__The task__:
In how many lines of the records does "pose" appear? Answer with one number.

__Excerpted data__:
Lemma backward_uniqueness (f1 f2 f1' f2' : R -> R) c hi :
  (forall t, c <= t < hi -> derivable_pt_lim f1 t (f1' t)) ->
  (forall t, c <= t < hi -> derivable_pt_lim f2 t (f2' t)) ->
  (forall t, c <= t < hi -> 0 <= (f1' t - f2' t) * (f1 t - f2 t)) ->
  limit1_in (fun t => f1 t - f2 t) (fun t => c <= t < hi) 0 hi ->
  forall t, c <= t < hi -> f1 t = f2 t.
Proof.
  intros D1 D2 Hmono Hlim t Ht.
  assert (Hsq : forall s, t <= s < hi -> (f1 t - f2 t) * (f1 t - f2 t) <= (f1 s - f2 s) * (f1 s - f2 s)).
  { intros s Hs.
    apply (nondecreasing_of_derivative (fun x => (f1 x - f2 x) * (f1 x - f2 x))
             (fun x => (f1' x - f2' x) * (f1 x - f2 x) + (f1 x - f2 x) * (f1' x - f2' x))); [lra| |].
    - intros x Hx.
      assert (Hgap : derivable_pt_lim (fun x => f1 x - f2 x) x (f1' x - f2' x))
        by (apply derivable_pt_lim_minus; [apply D1 | apply D2]; lra).
      exact (derivable_pt_lim_mult _ _ x _ _ Hgap Hgap).
    - intros x Hx. specialize (Hmono x ltac:(lra)). lra. }
  apply Rminus_diag_uniq. destruct (Req_dec (f1 t - f2 t) 0) as [H0|Hne]; [exact H0|exfalso].
  destruct (Hlim (Rabs (f1 t - f2 t)) (Rabs_pos_lt _ Hne)) as [del [Hdel Hnear]].
  set (s := Rmax t (hi - del / 2)).
  assert (Hs : t <= s < hi) by (unfold s, Rmax; destruct Rle_dec; lra).
  assert (Hsd : Rabs (f1 s - f2 s - 0) < Rabs (f1 t - f2 t)).
  { apply Hnear. split; [lra|]. simpl. unfold R_dist, s, Rmax. destruct Rle_dec; split_Rabs; lra. }
  rewrite Rminus_0_r in Hsd. specialize (Hsq s Hs).
  pose proof (Rsqr_abs (f1 s - f2 s)). pose proof (Rsqr_abs (f1 t - f2 t)). unfold Rsqr in *.
  pose proof (Rabs_pos (f1 s - f2 s)). nra.
Qed.

(** * The Abel equation psi psi' - (k1/t) psi = - k2 g(t) / t *)

Definition abel_rhs (k1 k2 : R) (g : R -> R) (t y : R) : R := k1 / t - k2 * g t / (t * y).

Section AbelEquation.

Variables (k1 k2 : R) (g : R -> R).

Lemma abel_rhs_continuity_pt y t :
  0 < t -> y <> 0 -> continuity_pt g t -> continuity_pt (fun s => abel_rhs k1 k2 g s y) t.
Proof.
  intros Ht Hy Hg. unfold abel_rhs.
  assert (Hid : continuity_pt id t) by apply derivable_continuous_pt, derivable_pt_id.
  assert (Hcst : forall c, continuity_pt (fct_cte c) t) by (intros; apply derivable_continuous_pt, derivable_pt_const).
  apply (continuity_pt_minus (fct_cte k1 / id)%F (fct_cte k2 * g / (id * fct_cte y))%F).
  - apply continuity_pt_div; auto. unfold id. lra.
  - apply continuity_pt_div; [now apply continuity_pt_mult | now apply continuity_pt_mult |].
    unfold mult_fct, id, fct_cte. now apply Rmult_integral_contrapositive_currified; lra.
Qed.

Lemma abel_rhs_lipschitz t0 t G m y1 y2 :
  0 < t0 <= t -> 0 <= k2 -> 0 <= g t <= G -> 0 < m -> m <= y1 -> m <= y2 ->
  Rabs (abel_rhs k1 k2 g t y1 - abel_rhs k1 k2 g t y2) <= k2 * G / (t0 * (m * m)) * Rabs (y1 - y2).
Proof.
  intros Ht Hk2 Hg Hm Hy1 Hy2.
  replace (abel_rhs k1 k2 g t y1 - abel_rhs k1 k2 g t y2)
    with (k2 * g t / (t * (y1 * y2)) * (y1 - y2)) by (unfold abel_rhs; field; repeat split; lra).
  assert (Hmm : 0 < m * m <= y1 * y2) by (split; nra).
  assert (Hden : 0 < t0 * (m * m) <= t * (y1 * y2)) by (split; nra).
  rewrite Rabs_mult. apply Rmult_le_compat_r; [apply Rabs_pos|].
  rewrite Rabs_right by (apply Rle_ge, Rmult_le_pos; [nra | left; apply Rinv_0_lt_compat; lra]).
  unfold Rdiv. apply Rmult_le_compat; [nra | left; apply Rinv_0_lt_compat; lra | nra |].
  apply Rinv_le_contravar; lra.
Qed.

Lemma abel_rhs_bounded t0 t G m y :
  0 < t0 <= t -> 0 <= k1 -> 0 <= k2 -> 0 <= g t <= G -> 0 < m <= y ->
  Rabs (abel_rhs k1 k2 g t y) <= k1 / t0 + k2 * G / (t0 * m).
Proof.
  intros Ht Hk1 Hk2 Hg Hm. unfold abel_rhs.
  assert (H1 : 0 <= k1 / t <= k1 / t0).
  { split; [apply Rmult_le_pos; [lra | left; apply Rinv_0_lt_compat; lra]|].
    apply Rmult_le_compat_l; [lra|]. apply Rinv_le_contravar; lra. }
  assert (H2 : 0 <= k2 * g t / (t * y) <= k2 * G / (t0 * m)).
  { split; [apply Rmult_le_pos; [nra | left; apply Rinv_0_lt_compat; nra]|].
    apply Rmult_le_compat; [nra | left; apply Rinv_0_lt_compat; nra | nra |].
    apply Rinv_le_contravar; nra. }
  apply Rabs_le_between. lra.
Qed.

Lemma abel_rhs_neg t y : 0 < t -> 0 < y -> k1 * y < k2 * g t -> abel_rhs k1 k2 g t y < 0.
Proof.
  intros Ht Hy Hlt. unfold abel_rhs.
  replace (k1 / t - k2 * g t / (t * y)) with ((k1 * y - k2 * g t) / (t * y)) by (field; lra).
  apply Rmult_lt_reg_r with (t * y); [nra|]. unfold Rdiv. rewrite Rmult_assoc, Rinv_l; nra.
Qed.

__Answer below__:
2